Even though the GPU kernels must each be compiled separately into a single distinct WGSL shader file that is run under WebGPU, they can import a shared codebase of files, and thus replicate the same overall shared code structure as the CPU versions.
The GPU code can only handle a highly restricted subset of Go code, with data structures having strict alignment requirements, and no string or other composite variable-length data structures (maps, slices etc). Thus, Gosl recognizes //gosl:start and //gosl:end comment directives surrounding the GPU-safe (and relevant) portions of the overall code. Any .go or .goal file can contribute GPU relevant code, including in other packages, and the gosl system automatically builds a shadow package-based set of .wgsl files accordingly.
Each kernel function is marked with a
//gosl:kerneldirective, and the name of the function is used to create the name of the GPU shader file.
Memory Organization
Perhaps the strongest constraints for GPU programming stem from the need to organize and synchronize all the memory buffers holding the data that the GPU kernel operates on. Furthermore, within a GPU kernel, the variables representing this data are global variables, which is sensible given the standalone nature of each kernel.
To provide a common programming environment, all GPU-relevant variables must be Go global variables.
Thus, names must be chosen appropriately for these variables, given their global scope within the Go package.
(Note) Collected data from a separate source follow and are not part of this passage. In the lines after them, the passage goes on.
Lemma L2_partial c n : L2 P (partial c e n).
Proof.
apply: (L2_sum (F := fun k x => c k * e k x)) => k.
by rewrite mem_index_iota => /andP[k1 _]; exact/L2Z/e_L2.
Qed.

Lemma ip_partial_r w c n : L2 P w ->
  ip P w (partial c e n) = \sum_(1 <= k < n) c k * ip P w (e k).
Proof.
move=> Lw; rewrite ipC ip_sum //; last first.
  by move=> k; rewrite mem_index_iota => /andP[k1 _]; exact/L2Z/e_L2.
rewrite !big_nat; apply: eq_bigr => k /andP[k1 _].
by rewrite ipZ ?(ipC _ (e k)) //; exact: e_L2.
Qed.

Lemma ip_partial_e c n j : (1 <= j)%N ->
  ip P (partial c e n) (e j) = if (j < n)%N then c j else 0.
Proof.
move=> j1; rewrite ipC (ip_partial_r _ _ (e_L2 j1)).
under eq_big_nat => k /andP[k1 _] do rewrite ipC e_orthonormal //.
case: ifP => jn.
  rewrite (bigD1_seq j) ?iota_uniq ?mem_index_iota ?j1 ?jn //= eqxx mulr1.
  by rewrite big1 ?addr0 // => k /negPf->; rewrite mulr0.
rewrite big_nat big1 // => k /andP[_ kn].
by rewrite (_ : k == j = false) ?mulr0 //; apply: contraTF kn => /eqP ->; rewrite jn.
Qed.

Lemma nrm2_partial c n : nrm2 P (partial c e n) = \sum_(1 <= k < n) c k ^+ 2.
Proof.
rewrite /nrm2 ip_partial_r; last exact: L2_partial.
by rewrite !big_nat; apply: eq_bigr => k /andP[k1 kn]; rewrite ip_partial_e // kn expr2.
Qed.

Lemma bessel w m n : (1 <= m)%N -> L2 P w ->
  \sum_(m <= k < n) ip P w (e k) ^+ 2 <= nrm2 P w.
Proof.
move=> m1 Lw.
have bessel1 : \sum_(1 <= k < n) ip P w (e k) ^+ 2 <= nrm2 P w.
  have := nrm2_ge0 P (fun x => w x - partial (fun k => ip P w (e k)) e n x).
  rewrite nrm2B //; last exact: L2_partial.
  rewrite nrm2_partial ip_partial_r //.
  under [X in _ - 2 * X]eq_bigr do rewrite -expr2.
  lra.
apply: le_trans bessel1; rewrite (big_nat_widenl _ _ _ _ _ m1) [leLHS]big_mkcond /=.
by apply: ler_sum => k _; case: ifP => _ //; exact: sqr_ge0.
Qed.

Lemma cvg_bessel_tail w m : (1 <= m)%N -> L2 P w ->
  (fun n => \sum_(m <= k < n) ip P w (e k) ^+ 2) @ \oo -->
  tail_sum (fun k => ip P w (e k) ^+ 2) m.
Proof.
move=> m1 Lw; apply: (cvg_tail_sum (M := nrm2 P w)) => [k|n]; first exact: sqr_ge0.
exact: bessel.
Qed.

Lemma nrm2_sub_partial_eq0 f n : in_H P e f ->
  (forall k, (n <= k)%N -> ip P f (e k) = 0) ->
  nrm2 P (fun x => f x - partial (fun k => ip P f (e k)) e n x) = 0.
Proof.
move=> [Lf f_approx] fn0.
set v := partial _ e n; have Lv : L2 P v := L2_partial _ _.
have Lr := L2B Lf Lv.
have r_orth c m : ip P (partial c e m) (fun x => f x - v x) = 0.
  rewrite ipC ip_partial_r // big_nat big1 // => k /andP[k1 _].
  rewrite ipB ?ip_partial_e //; last exact: e_L2.
  by case: ltnP => kn; rewrite ?subrr ?mulr0 // fn0 // subr0 mulr0.
apply/le_anti; rewrite nrm2_ge0 andbT; apply/ler_addgt0Pr => eps eps_gt0.
rewrite add0r; have [m [c fc]] := f_approx eps eps_gt0; apply: le_trans (ltW fc).
have Lp := L2_partial c m; have Lvp := L2B Lv Lp.
have -> : (fun x => f x - partial c e m x) =
    (fun x => (f x - v x) + (v x - partial c e m x)).
  by apply/funext => x; rewrite addrA subrK.
rewrite [leRHS]nrm2D // ipC ipB // (r_orth c m) (r_orth _ n).
by have := nrm2_ge0 P (fun x => v x - partial c e m x); lra.
Qed.

End orthonormal_family.

Lemma shrink_sqr_le (R : realFieldType) (q qK a b : R) :
  0 <= q -> q <= qK -> qK <= 1 ->
  ((1 - q) * a - b) ^+ 2 <= (a - b) ^+ 2 + qK / (2 - qK) * b ^+ 2.
Proof.
move=> q_ge0 q_le_qK qK_le1.
have q2_gt0 : 0 < 2 - q by lra.
have qK2_gt0 : 0 < 2 - qK by lra.
(* completing the square in [a] *)
have square : q / (2 - q) * b ^+ 2 - (((1 - q) * a - b) ^+ 2 - (a - b) ^+ 2)
    = q * ((2 - q) * a - b) ^+ 2 / (2 - q).
  by field; rewrite gt_eqF.
have square_ge0 : 0 <= q * ((2 - q) * a - b) ^+ 2 / (2 - q).
  by apply: divr_ge0; [rewrite mulr_ge0 ?sqr_ge0 | exact: ltW].
have ratio_mono : q / (2 - q) <= qK / (2 - qK).
  rewrite -subr_ge0 (_ : _ - _ = 2 * (qK - q) / ((2 - q) * (2 - qK))); last first.
    by field; rewrite !gt_eqF.
  by apply: divr_ge0; [rewrite mulr_ge0 ?subr_ge0 | rewrite ltW ?mulr_gt0].
have := ler_wpM2r (sqr_ge0 b) ratio_mono; lra.
Qed.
The specific values for these variables can be dynamically set in an easy way, but the variables themselves are global.
Within the core gpu framework, each ComputeSystem defines a specific organization of such GPU buffer variables, and maximum efficiency is achieved by minimizing the number of such compute systems, and associated memory buffers. Each system also encapsulates the associated kernel shaders that operate on the associated memory data, so
Kernels and variables both must be defined within a specific system context.
tensorfs mapping
TODO:
The grouped global variables can be mapped directly to a corresponding tensorfs directory, which provides direct accessibility to this data within interactive Goal usage. Further, different sets of variable values can be easily managed by saving and loading different such directories.
These and all such gosl functions use the current system if none is explicitly specified, which is settable using the gosl.SetSystem call. Any given variable can use the get or set Goal math mode functions directly.
Memory access
In general, all global GPU variables will be arrays (slices) or tensors, which are exposed to the GPU as an array of floats.
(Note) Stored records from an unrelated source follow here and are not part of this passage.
(* Let $S\subseteq\Sigma^*$ be a task and, for $i\in\{1,2\}$, let $h_i:\Sigma^*\to\mathbb{R}^{|\Sigma|}$ be language models with $\|h_1-h_2\|<\Delta$ on $S$ for some $\Delta>0$. For $i\in\{1,2\}$ let $K_i=(\mathbb{V}_i,U,\mathbb{F}_i,\succ)$ be a circuit of $h_i$ on $S$, let $R_i$ be an $(L_i,\delta_i)$-representation of $K_i$ obtained through an alignment map $\rho_i$, and let $A_i$ be an $\eta_i$-faithful interpretation of $K_i$. Let $\Pi$ and $\Pi_\star$ be alignment classes mapping (subsets of) $K_1$'s variables $\mathbb{V}_1$ onto the variables of $A_1$ and $A_2$ respectively, so that $\Pi^{-1}(A_1)$ and $\Pi_\star^{-1}(A_2)$ are sets of implementations over $(\mathbb{V}_1,U)$. Assume: (i) there is a map $\Phi$ (a distillation map) such that the implementation distance is $d(F,\tilde F)=\|\Phi\mathbb{V}_1^{F}-\Phi\mathbb{V}_1^{\tilde F}\|$ for implementations $F,\tilde F$ over $\mathbb{V}_1$; (ii) there are $\omega>0$ and a $1$-Lipschitz map $\Psi$ such that for all such implementations $F,\tilde F$ (including $\mathbb{F}_1$), writing $R_F$ for the representation of $(\mathbb{V}_1,U,F,\cdot)$ under $\rho_1$ and $H^F$ for the concatenation of all its hidden variable solutions, $\|\Psi H^F-\Psi H^{\tilde F}\|\le d_{\mathrm{repr}}(R_F,R_{\tilde F})$ and $\|\Phi\mathbb{V}_1^{F}-\Psi H^F\|<\omega$; (iii) there exists $F^\star\in\Pi_\star^{-1}(A_2)$ whose representation $R_{F^\star}$ under $\rho_1$ is an $(L_1,\delta_1)$-representation. Then $$d_{\mathrm{interp}}(A_1,A_2)\le \kappa(A_1,K_1,\Pi)+\kappa(A_2,K_1,\Pi_\star)+2\omega+d_{\mathrm{repr}}(R_1,R_2)+\delta_1+\delta_2+\Delta,$$ where $d_{\mathrm{interp}}(A_1,A_2)=d_H(\Pi^{-1}(A_1),\Pi_\star^{-1}(A_2))$.
   Context: $\Sigma$ is an alphabet, $\Sigma^*$ the set of finite strings over it; a language model is a map $h:\Sigma^*\to\mathbb{R}^{|\Sigma|}$ and a task is a subset $S\subseteq\Sigma^*$. A deterministic causal model is a quadruple $(\mathbb{V},U,\mathbb{F},\succ)$ with hidden variables $\mathbb{V}=(v_1,\dots,v_m)$, an input variable $U$, functions $\mathbb{F}=(f_1,\dots,f_m)$ and a partial order $\succ$ on $\mathbb{V}$, where $v_k:=f_k(\mathrm{Pa}(v_k),U)$ with $\mathrm{Pa}(v_k)\subseteq\{v\in\mathbb{V}:v\succ v_k\}$. For an input value $u$, $\mathbb{V}^{\mathbb{F}}(u)$ is the unique solution (values of all variables consistent with $u$ and $\mathbb{F}$) and $v_k^{\mathbb{F}}$ is regarded as a function of the input. An intervention $\mathrm{do}(v_k\leftarrow\tilde f)$ replaces the equation of $v_k$ by $v_k:=\tilde f(\widetilde{\mathrm{Pa}}(v_k),U)$ with $\widetilde{\mathrm{Pa}}(v_k)\subseteq\{v:v\succ v_k\}$; $\mathcal{I}(v_k)$ is the set of such interventions and $\mathcal{I}(\mathbb{V})$ the set of interventions on variables of $\mathbb{V}$. A causal model $K_2=(\tilde{\mathbb{V}},\tilde U,\tilde{\mathbb{F}},\succ_2)$ abstracts $K_1=(\mathbb{V},U,\mathbb{F},\succ_1)$ if there are surjective maps $\pi:\mathrm{SubsetsOf}(\mathbb{V})\to\tilde{\mathbb{V}}$ and $\omega:\mathcal{I}(\mathbb{V})\to\mathcal{I}(\tilde{\mathbb{V}})$ with $\tilde v_k=\pi\big(\bigcup_{v_k\in\pi^{-1}(\tilde v_k)}f_k(\mathrm{Pa}(v_k),U)\big)$ for all $\tilde v_k\in\tilde{\mathbb{V}}$, and $\pi(\mathrm{do}(v_k\leftarrow f))=\mathrm{do}(\pi(v_k)\leftarrow\omega(f))$ for all $v_k\in\mathbb{V}$, $\mathrm{do}(v_k\leftarrow f)\in\mathcal{I}(v_k)$; such $\pi$ is an alignment. An $m$-circuit of $h$ on $S$ is a causal model with $m$ hidden variables whose input $U$ is $S$-valued, whose hidden variables are real-vector-valued ($v_k\in\mathbb{R}^{n_k}$), and which has a terminal output variable $v_{\mathrm{out}}$ (no variable below it) with $v_{\mathrm{out}}^{\mathbb{F}}(s)=h(s)$ for all $s\in S$. A causal model $A=(\mathbb{V}^\star,U,\mathbb{F}^\star,\succ)$ abstracting a circuit $K$ is an $\eta$-faithful interpretation of $K$ if it has an output variable $v^\star_{\mathrm{out}}$ with $\|v^{\star,\mathbb{F}^\star}_{\mathrm{out}}-v^{\mathbb{F}}_{\mathrm{out}}\|<\eta$ on $S$. Given a circuit with variables $(\mathbb{V},U)$, an interpretation $A$ and a class $\Pi$ of alignments from $\mathrm{SubsetsOf}(\mathbb{V})$ to $A$'s variables, $F$ is an implementation of $A$ if for some $\pi\in\Pi$, $A$ is an $\eta$-faithful interpretation of $(\mathbb{V},U,F,\succ_F)$ under $\pi$; $\Pi^{-1}(A)$ denotes the set of implementations. With a (pseudo)metric $d$ on implementations, the interpretive compression is $\kappa(A,K,\Pi)=\sup_{F,F'\in\Pi^{-1}(A)}d(F,F')$, and $d_H$ is the Hausdorff distance induced by $d$. An $(L,\delta)$-representation of a circuit $K$ of $h$ on $S$ is an $L$-circuit of $h$ abstracting $K$ (through an alignment $\rho$) whose hidden variables form a chain: $\mathrm{Pa}(v_1)=\{U\}$, $\mathrm{Pa}(v_{k+1})=\{v_k\}$, $v_L=v_{\mathrm{out}}$, and for each $k$ there are linear maps $A_k:\mathbb{R}^{n_k}\to\mathbb{R}^{|\Sigma|}$, $B_k:\mathbb{R}^{|\Sigma|}\to\mathbb{R}^{n_k}$ with operator norms $\le1$ and $\|A_kv_k^{\mathbb{F}}-h\|<\delta$, $\|B_kh-v_k^{\mathbb{F}}\|<\delta$ (norms of functions on $S$). For representations $R_1,R_2$ with $H_i$ the concatenation (direct sum) of all hidden-variable solutions of $R_i$, $d_{\mathrm{repr}}(R_1,R_2)=\max\big(\inf_{\|A\|_{\mathrm{op}}\le1}\|AH_1-H_2\|,\ \inf_{\|B\|_{\mathrm{op}}\le1}\|H_1-BH_2\|\big)$ over linear operators $A,B$, with $\|\cdot\|$ a direct-sum norm. *)

From mathcomp Require Import all_boot all_order all_algebra.
From mathcomp Require Import all_classical all_reals ereal.

Unset Implicit Arguments.
Unset Strict Implicit.
Unset Printing Implicit Defensive.

Import Order.TTheory GRing.Theory Num.Theory.
Local Open Scope classical_set_scope.
Local Open Scope ring_scope.

(* Finite-dimensional real vectors.  R^I is modelled as I -> R for a   *)
(* finite index type I; R^n is 'I_n -> R.  The vector norm is the     *)
(* max-norm; on a concatenation (direct sum) of blocks the max-norm   *)
(* coincides with the max of the block norms (an l^oo direct-sum      *)
(* norm).                                                             *)

Definition vec (R : realType) (n : nat) := 'I_n -> R.

Definition vnorm {R : realType} {I : finType} (x : I -> R) : R :=
  \big[Num.max/0]_(i : I) `|x i|.

Definition vcast {R : realType} {m : nat} (n : nat) (v : vec R m) : vec R n :=
  fun i => match @insub nat (fun k => k < m)%N _ (nat_of_ord i) with
           | Some j => v j
           | None => 0
           end.

Definition linmap (R : realType) (I J : finType) := J -> I -> R.

Definition lapp {R : realType} {I J : finType} (a : linmap R I J) (x : I -> R)
  : J -> R := fun j => \sum_(i : I) a j i * x i.

Definition opnorm_le1 {R : realType} {I J : finType} (a : linmap R I J) :=
  forall x : I -> R, vnorm (lapp a x) <= vnorm x.

Definition tcast {A B : Type} (e : A = B) (x : A) : B :=
  match e in _ = T return T with erefl => x end.

Section Models.
Context {R : realType} {Sigma : finType}.

Definition LM := seq Sigma -> vec R #|Sigma|.

Variable S : set (seq Sigma).

(* Norm of a (vector-valued) function on S: sup_{s in S} of the vector
   norm (extended-real valued; the sup over the empty task is 0). *)
Definition fnorm {I : finType} (f : seq Sigma -> I -> R) : \bar R :=
  ereal_sup ([set 0%E] `|` [set (vnorm (f s))%:E | s in S]).

(* Deterministic causal models (V, U, F, >-) with hidden variables     *)
(* v_0..v_{m-1} of arbitrary value types, input U ranging over        *)
(* strings.  [cm_prec j k] means  v_j >- v_k  (v_j is above v_k).      *)
Record cmodel := CM {
  cm_m : nat;
  cm_T : 'I_cm_m -> Type;
  cm_prec : rel 'I_cm_m;
  cm_f : forall k : 'I_cm_m, (forall j, cm_T j) -> seq Sigma -> cm_T k }.

Definition is_sol (K : cmodel) (u : seq Sigma) (V : forall j, cm_T K j) :=
  forall k, V k = cm_f K k V u.

(* well-formedness: >- is a strict partial order, Pa(v_k) is contained in
   {v : v >- v_k}, and for every input of the task there is a unique
   solution V^F(u). *)
Definition cm_wf (K : cmodel) :=
  [/\ irreflexive (cm_prec K), transitive (cm_prec K),
      (forall k V V' u, (forall j, cm_prec K j k -> V j = V' j) ->
          cm_f K k V u = cm_f K k V' u)
    & forall u, S u -> exists! V, is_sol K u V].

Definition solo (K : cmodel) (u : seq Sigma) : option (forall j, cm_T K j) :=
  match pselect (exists V, is_sol K u V) with
  | left H => Some (proj1_sig (cid H))
  | right _ => None
  end.

Definition alignment (K A : cmodel) := {set 'I_(cm_m K)} -> 'I_(cm_m A).

(* Abstraction: pi is surjective and [cons K A pi] holds, where [cons] is
   the (interventional-consistency) part of the paper's definition of
   abstraction, kept as a parameter. *)
Definition abstracts
  (cons : forall K A : cmodel, alignment K A -> Prop)
  (K A : cmodel) (pi : alignment K A) :=
  (forall y, exists x, pi x = y) /\ cons K A pi.

Record circ (m : nat) (n : 'I_m -> nat) := Circ {
  c_prec : rel 'I_m;
  c_f : forall k : 'I_m, (forall j, vec R (n j)) -> seq Sigma -> vec R (n k) }.
Arguments c_prec {m n}.
Arguments c_f {m n}.

Definition to_cm {m n} (F : circ m n) : cmodel :=
  @CM m (fun k => vec R (n k)) (c_prec F) (c_f F).

Definition csol {m n} (F : circ m n) : seq Sigma -> forall j, vec R (n j) :=
  fun u => match solo (to_cm F) u with
           | Some V => V
           | None => fun j _ => 0
           end.

Definition is_circ_of {m n} (h : LM) (F : circ m n) (o : 'I_m) :=
  [/\ cm_wf (to_cm F), (forall j, ~~ c_prec F o j), n o = #|Sigma|
    & forall s, S s -> vcast #|Sigma| (csol F s o) = h s].

Definition aout {A : cmodel} {o : 'I_(cm_m A)} (e : cm_T A o = vec R #|Sigma|)
  : seq Sigma -> vec R #|Sigma| :=
  fun s => match solo A s with
           | Some V => tcast e (V o)
           | None => fun _ => 0
           end.

Variable cons : forall K A : cmodel, alignment K A -> Prop.

Definition faithful_interp {m n} (A : cmodel) (F : circ m n) (o : 'I_m)
  (pi : alignment (to_cm F) A) (eta : R) :=
  [/\ cm_wf A, (exists h, is_circ_of h F o), abstracts cons (to_cm F) A pi
    & exists oA (e : cm_T A oA = vec R #|Sigma|),
        (fnorm (fun s i => (aout e s i - vcast #|Sigma| (csol F s o) i)%R)
           < eta%:E)%E].

Definition impls {m} n (o : 'I_m) (A : cmodel)
  (Pi : set ({set 'I_m} -> 'I_(cm_m A))) (eta : R) : set (circ m n) :=
  [set F | exists pi, Pi pi /\ faithful_interp A F o pi eta].

(* Chain structure: Pa(v_0) = {U}, Pa(v_{k+1}) = {v_k}. *)
Definition chain {L} {nR : 'I_L -> nat} (Rp : circ L nR) :=
  forall (k : 'I_L) V V' u u',
    (forall j : 'I_L, (nat_of_ord j).+1 = nat_of_ord k -> V j = V' j) ->
    (nat_of_ord k = 0%N -> u = u') ->
    c_f Rp k V u = c_f Rp k V' u'.

Definition is_repr {m n} (h : LM) (K : circ m n) (o : 'I_m)
  {L} {nR : 'I_L -> nat} (Rp : circ L nR) (rho : {set 'I_m} -> 'I_L)
  (delta : R) :=
  [/\ is_circ_of h K o,
      exists oR : 'I_L, nat_of_ord oR = L.-1 /\ is_circ_of h Rp oR,
      chain Rp,
      abstracts cons (to_cm K) (to_cm Rp) rho
    & forall k : 'I_L, exists (a : linmap R 'I_(nR k) 'I_#|Sigma|)
                              (b : linmap R 'I_#|Sigma| 'I_(nR k)),
        [/\ opnorm_le1 a, opnorm_le1 b,
            (fnorm (fun s i => (lapp a (csol Rp s k) i - h s i)%R) < delta%:E)%E
          & (fnorm (fun s i => (lapp b (h s) i - csol Rp s k i)%R) < delta%:E)%E]].

Definition ordF {L} (nR : 'I_L -> nat) : 'I_L -> finType := fun k => 'I_(nR k).
Definition hidx {L} (nR : 'I_L -> nat) : finType := {k : 'I_L & ordF nR k}.

Definition Hcat {L} {nR : 'I_L -> nat} (Rp : circ L nR)
  : seq Sigma -> hidx nR -> R :=
  fun s p => csol Rp s (tag p) (tagged p).

Definition drepr {L1} {n1 : 'I_L1 -> nat} (R1 : circ L1 n1)
  {L2} {n2 : 'I_L2 -> nat} (R2 : circ L2 n2) : \bar R :=
  maxe
    (ereal_inf [set fnorm (fun s i => lapp a (Hcat R1 s) i - Hcat R2 s i)
               | a in [set a : linmap R (hidx n1) (hidx n2) | opnorm_le1 a]])
    (ereal_inf [set fnorm (fun s i => Hcat R1 s i - lapp b (Hcat R2 s) i)
               | b in [set b : linmap R (hidx n2) (hidx n1) | opnorm_le1 b]]).

Definition kappa {T : Type} (d : T -> T -> R) (P : set T) : \bar R :=
  ereal_sup [set (d F F')%:E | F in P & F' in P].

Definition dHaus {T : Type} (d : T -> T -> R) (P Q : set T) : \bar R :=
  maxe (ereal_sup [set ereal_inf [set (d F F')%:E | F' in Q] | F in P])
       (ereal_sup [set ereal_inf [set (d F F')%:E | F in P] | F' in Q]).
The tensor-based indexing syntax in Goal math mode transparently works across CPU and GPU modes, and is thus the preferred way to access tensor data.
It is critical to appreciate that none of the other convenient math-mode operations will work as you expect on the GPU, because:
There is only one outer-loop, kernel-level parallel looping operation allowed at a time.
You cannot nest multiple such loops within each other. A kernel cannot launch another kernel. Therefore, as noted above, you must directly organize your computation to maximize the amount of parallel computation happening wthin each such kernel call.
Therefore, tensor indexing on the GPU only supports direct index values, not ranges.
Furthermore:
Pointer-based access of global variables is not supported in GPU mode.
You have to use indexes into arrays exclusively. Thus, some of the data structures you may need to copy up to the GPU include index variables that determine how to access other variables.
Examples
A large and complex biologically-based neural network simulation framework called axon has been implemented using gosl, allowing 1000’s of lines of equations and data structures to run through standard Go on the CPU, and accelerated significantly on the GPU. This allows efficient debugging and unit testing of the code in Go, whereas debugging on the GPU is notoriously difficult.